(Items listed in a dataset)
Lemma dist_line W u a b : unit_vector u -> dist (line W u a) (line W u b) = Rabs (a - b).
Proof.
  intros Hu. unfold dist, line, padd, pscal; cbn [fst snd].
  replace (_ + _) with (Rsqr (a - b) * (fst u ^ 2 + snd u ^ 2)) by (unfold Rsqr; ring).
  rewrite Hu, Rmult_1_r. apply sqrt_Rsqr_abs.
Qed.

Lemma line_inj W u a b : unit_vector u -> line W u a = line W u b -> a = b.
Proof.
  intros Hu H. pose proof (dist_line W u a b Hu) as Hd.
  rewrite H in Hd. unfold dist in Hd. rewrite !Rminus_diag, pow_i, Rplus_0_r, sqrt_0 in Hd by lia.
  destruct (Req_dec a b) as [|Hab]; [assumption|].
  pose proof (Rabs_pos_lt (a - b)). lra.
Qed.

Lemma unit_direction W Z : 0 < dist W Z -> unit_vector (direction W Z).
Proof.
  intros Hd. pose proof (dist_sq W Z) as Hsq. unfold unit_vector, direction, pscal, psub; cbn [fst snd].
  replace (_ + _) with (((fst W - fst Z) ^ 2 + (snd W - snd Z) ^ 2) / dist W Z ^ 2)
    by (field; lra).
  rewrite <- Hsq. field. lra.
Qed.

Lemma line_direction_0 W Z : line W (direction W Z) 0 = W.
Proof. unfold line, direction, padd, pscal, psub; destruct W; cbn [fst snd]; f_equal; ring. Qed.

Lemma line_direction_dist W Z : 0 < dist W Z -> line W (direction W Z) (dist W Z) = Z.
Proof.
  intros Hd. unfold line, direction, padd, pscal, psub; destruct W, Z; cbn [fst snd].
  f_equal; field; lra.
Qed.

(* The image of [X = p + l (q - p)] lies at distances [|l| s D] and [|1 - l| s D] from [f p]
   and [f q], which are [s D] apart: the equality case of the triangle inequality, here in
   the form of the identity [Hdefect]. *)
Lemma similarity_affine (f : point -> point) p q l : is_similarity f ->
  f (padd p (pscal l (psub q p))) = padd (f p) (pscal l (psub (f q) (f p))).
Proof.
  intros [s [Hs Hf]].
  set (X := padd p (pscal l (psub q p))).
  assert (Hsq : forall x y, dist (f x) (f y) ^ 2 = s ^ 2 * dist x y ^ 2)
    by (intros x y; rewrite Hf; ring).
  pose proof (Hsq p X) as HpX. pose proof (Hsq X q) as HXq. pose proof (Hsq p q) as Hpq.
  rewrite !dist_sq in HpX, HXq, Hpq.
  destruct (f p) as [a1 a2], (f X) as [x1 x2], (f q) as [b1 b2].
  subst X. destruct p as [p1 p2], q as [q1 q2].
  unfold padd, pscal, psub in *; cbn [fst snd] in *.
  set (D := (p1 - q1) ^ 2 + (p2 - q2) ^ 2) in *.
  set (e1 := x1 - a1 - l * (b1 - a1)). set (e2 := x2 - a2 - l * (b2 - a2)).
  assert (Hdefect : e1 ^ 2 + e2 ^ 2 =
    (1 - l) ^ 2 * ((a1 - x1) ^ 2 + (a2 - x2) ^ 2) + l ^ 2 * ((x1 - b1) ^ 2 + (x2 - b2) ^ 2)
    - l * (1 - l) * (((a1 - b1) ^ 2 + (a2 - b2) ^ 2) - ((a1 - x1) ^ 2 + (a2 - x2) ^ 2)
                     - ((x1 - b1) ^ 2 + (x2 - b2) ^ 2))) by (unfold e1, e2; ring).
  rewrite HpX, HXq, Hpq in Hdefect.
  replace (_ - _) with 0 in Hdefect by (unfold D; ring).
  assert (e1 = 0) by nra. assert (e2 = 0) by nra.
  unfold e1, e2 in *. f_equal; lra.
Qed.

(* The point at distance [x] from [a] in the direction of [b]; it is [a] when [a = b]
   since [x / 0 = 0]. *)
Definition toward (a b x : R) : R := a + x / Rabs (a - b) * (b - a).

Lemma toward_down a b x : b < a -> toward a b x = a - x.
Proof. intros H. unfold toward. rewrite Rabs_right by lra. field. lra. Qed.

Lemma toward_up a b x : a < b -> toward a b x = a + x.
Proof. intros H. unfold toward. rewrite Rabs_left by lra. field. lra. Qed.

Lemma toward_self a x : toward a a x = a.
Proof. unfold toward. ring. Qed.

Lemma toward_start a b : toward a b 0 = a.
Proof. unfold toward. unfold Rdiv. ring. Qed.

Lemma toward_end a b : toward a b (Rabs (a - b)) = b.
Proof.
  destruct (Req_dec a b) as [<-|Hab]; [apply toward_self|].
  unfold toward. field. apply Rabs_no_R0. lra.
Qed.

Definition ramp (a b M v t : R) : R :=
  if Rle_dec t M then a
  else if Rle_dec (M + Rabs (a - b) / v) t then b
  else toward a b ((t - M) * v).

Lemma ramp_before a b M v t : t <= M -> ramp a b M v t = a.
Proof. intros Ht. unfold ramp. destruct (Rle_dec t M); [reflexivity|lra]. Qed.

Lemma ramp_moving a b M v t : 0 < v -> M <= t <= M + Rabs (a - b) / v ->
  ramp a b M v t = toward a b ((t - M) * v).
Proof.
  intros Hv Ht. unfold ramp. destruct (Rle_dec t M).
  - replace t with M by lra. rewrite Rminus_diag, Rmult_0_l. symmetry. apply toward_start.
  - destruct (Rle_dec (M + Rabs (a - b) / v) t); [|reflexivity].
    replace ((t - M) * v) with (Rabs (a - b)) by (replace t with (M + Rabs (a - b) / v) by lra; field; lra).
    symmetry. apply toward_end.
Qed.

Lemma ramp_after a b M v t : 0 < v -> M + Rabs (a - b) / v <= t -> ramp a b M v t = b.
Proof.
  intros Hv Ht. unfold ramp. destruct (Rle_dec t M).
  - destruct (Req_dec a b) as [|Hab]; [assumption|].
    assert (0 < Rabs (a - b) / v) by (apply Rdiv_lt_0_compat; [apply Rabs_pos_lt|]; lra).
    lra.
  - destruct (Rle_dec (M + Rabs (a - b) / v) t); [reflexivity|lra].
Qed.

(** * The algorithm *)

Definition fraction_algorithm (r : (nat -> bool) -> R) : algorithm :=
  fun p q b => padd p (pscal (r b) (psub q p)).

(* [step_ratio alpha * v' <= (1 - step_ratio alpha) * v] whenever [v' / v] is [alpha] or
   [1 / alpha]: while one robot covers the fraction [step_ratio alpha] of its distance to
   the start of the other one, the other one covers less than the remaining distance. *)
Definition step_ratio (alpha : R) : R := alpha / ((1 + alpha) * (1 + alpha)).

(* The first three random bits select the fraction of the way to the observed position:
   1, 0, the step ratio, or one of the two candidate meeting ratios [v / (v + v')] (the
   robots are anonymous, so the ratio must be offered for both speed orders). *)
Definition ratio (alpha : R) (b : nat -> bool) : R :=
  if b 0%nat then (if b 1%nat then 1 else 0)
  else if b 1%nat then (if b 2%nat then step_ratio alpha else 1 / (1 + alpha))
  else alpha / (1 + alpha).

Definition gathering_algorithm (alpha : R) : algorithm := fraction_algorithm (ratio alpha).

Definition bits3 (b0 b1 b2 : bool) : nat -> bool :=
  fun j => match j with 0%nat => b0 | 1%nat => b1 | 2%nat => b2 | _ => false end.

Definition meet_bits (z : bool) : nat -> bool :=
  if z then bits3 false true false else bits3 false false false.

Lemma step_ratio_bounds alpha : 0 < alpha -> 0 < step_ratio alpha < 1.
Proof.
  intros Ha. unfold step_ratio. split.
  - apply Rdiv_lt_0_compat; nra.
  - apply Rmult_lt_reg_r with ((1 + alpha) * (1 + alpha)); [nra|].
    unfold Rdiv. rewrite Rmult_assoc, Rinv_l by nra. nra.
Qed.

Lemma step_ratio_speeds alpha v v' : 0 < alpha -> 0 < v -> 0 < v' ->
  v' = alpha * v \/ v = alpha * v' ->
  step_ratio alpha * v' <= (1 - step_ratio alpha) * v.
Proof.
  intros Ha Hv Hv' Hvv. unfold step_ratio.
  assert (Hq : 0 < (1 + alpha) * (1 + alpha)) by nra.
  apply Rmult_le_reg_r with ((1 + alpha) * (1 + alpha)); [exact Hq|].
  destruct Hvv as [-> | ->]; field_simplify; nra.
Qed.

Lemma ratio_meet_bits alpha (v : bool -> R) z : 0 < alpha -> 0 < v true ->
  v false = alpha * v true -> ratio alpha (meet_bits z) = v z / (v z + v (negb z)).
Proof.
  intros Ha Hv Hvv. destruct z; cbn; rewrite Hvv; field; nra.
Qed.

Lemma ratio_prefix alpha (b b' : nat -> bool) :
  (forall j, (j < 3)%nat -> b j = b' j) -> ratio alpha b = ratio alpha b'.
Proof. intros H. unfold ratio. rewrite !H by lia. reflexivity. Qed.

Definition prefix_agree (N : nat) (om rho : randomness) : Prop :=
  forall i k j, (k < N)%nat -> (j < N)%nat -> om i k j = rho i k j.

(* The random bits agreeing with [rho] on the first [N] bits of the first [N] cycles of
   both robots form an event of probability [2 ^ (- 2 N ^ 2) > 0]. *)
Definition gathers_on_cylinder (A : algorithm) (adv : adversary) : Prop :=
  exists (N : nat) (rho : randomness), forall om : randomness, prefix_agree N om rho ->
    (exists e, is_execution A adv om e) /\
    (forall e, is_execution A adv om e -> gathered adv e).

Lemma ratio_on_cylinder alpha N om rho i k : (3 <= N)%nat -> (k < N)%nat ->
  prefix_agree N om rho -> ratio alpha (om i k) = ratio alpha (rho i k).
Proof. intros HN Hk Hom. apply ratio_prefix. intros j Hj. apply Hom; lia. Qed.

(** * Executions *)

Definition by_robot {T : Type} (z : bool) (x y : T) : bool -> T :=
  fun i => if Bool.eqb i z then x else y.

Lemma by_robot_self {T : Type} z (x y : T) : by_robot z x y z = x.
Proof. unfold by_robot. rewrite Bool.eqb_reflx. reflexivity. Qed.

Lemma by_robot_other {T : Type} z (x y : T) : by_robot z x y (negb z) = y.
Proof. destruct z; reflexivity. Qed.

Lemma robot_cases (i z : bool) : i = z \/ i = negb z.
Proof. destruct i, z; auto. Qed.

Definition similarity_frames (adv : adversary) : Prop :=
  forall i k, is_similarity (frame adv i k) /\
    (forall x, frame_inv adv i k (frame adv i k x) = x).

Lemma destination_fraction r adv om e i k : similarity_frames adv ->
  destination (fraction_algorithm r) adv om e i k =
  padd (spos e i k) (pscal (r (om i k)) (psub (snapshot adv e i k) (spos e i k))).
Proof.
  intros Hfr. destruct (Hfr i k) as [Hsim Hinv].
  unfold destination, fraction_algorithm. rewrite <- similarity_affine by exact Hsim.
  apply Hinv.
Qed.

Definition valid_cycle (A : algorithm) (adv : adversary) (om : randomness)
    (e : execution) (i : bool) (k : nat) : Prop :=
  (stops_at adv e i k ->
     forall t, start e i k <= t -> pos e i t = spos e i k) /\
  (~ stops_at adv e i k ->
     let P := spos e i k in
     let D := destination A adv om e i k in
     let M := look_time adv e i k + delay adv i k in
     let E := M + dist P D / speed adv i in
     start e i (S k) = E /\ spos e i (S k) = D /\
     (forall t, start e i k <= t <= M -> pos e i t = P) /\
     (forall t, M <= t <= E ->
        pos e i t = padd P (pscal ((t - M) * speed adv i / dist P D) (psub D P)))).

Lemma active_0 adv e i : active adv e i 0.
Proof. intros j Hj. lia. Qed.

Lemma active_S adv e i k : active adv e i k -> ~ stops_at adv e i k -> active adv e i (S k).
Proof. intros Ha Hn j Hj. destruct (Nat.eq_dec j k) as [->|]; [exact Hn | apply Ha; lia]. Qed.

Lemma inactive_after_stop adv e i k k' : stops_at adv e i k -> (k < k')%nat -> ~ active adv e i k'.
Proof. intros Hs Hk Ha. exact (Ha k Hk Hs). Qed.

Lemma execution_valid_cycle A adv om e i k :
  is_execution A adv om e -> active adv e i k -> valid_cycle A adv om e i k.
Proof. intros [_ H]. apply H. Qed.

Lemma valid_cycle_stop A adv om e i k : stops_at adv e i k ->
  valid_cycle A adv om e i k <-> forall t, start e i k <= t -> pos e i t = spos e i k.
Proof.
  intros Hs. split.
  - intros [H _]. exact (H Hs).
  - intros H. split; [intros _; exact H | intros Hns; contradiction].
Qed.

Lemma line_not_stops adv e i k W u a b : unit_vector u ->
  spos e i k = line W u a -> snapshot adv e i k = line W u b -> a <> b -> ~ stops_at adv e i k.
Proof.
  intros Hu Hp Hs Hab. unfold stops_at. rewrite Hp, Hs. intros H.
  exact (Hab (eq_sym (line_inj W u b a Hu H))).
Qed.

• _Activity_
The answer is the lines above between the line holding "(* The image" and the line holding "the form of the identity [Hdefect]. *)", inclusive, each written out exactly, and no others.

• _Expected answer_
(* The image of [X = p + l (q - p)] lies at distances [|l| s D] and [|1 - l| s D] from [f p]
   and [f q], which are [s D] apart: the equality case of the triangle inequality, here in
   the form of the identity [Hdefect]. *)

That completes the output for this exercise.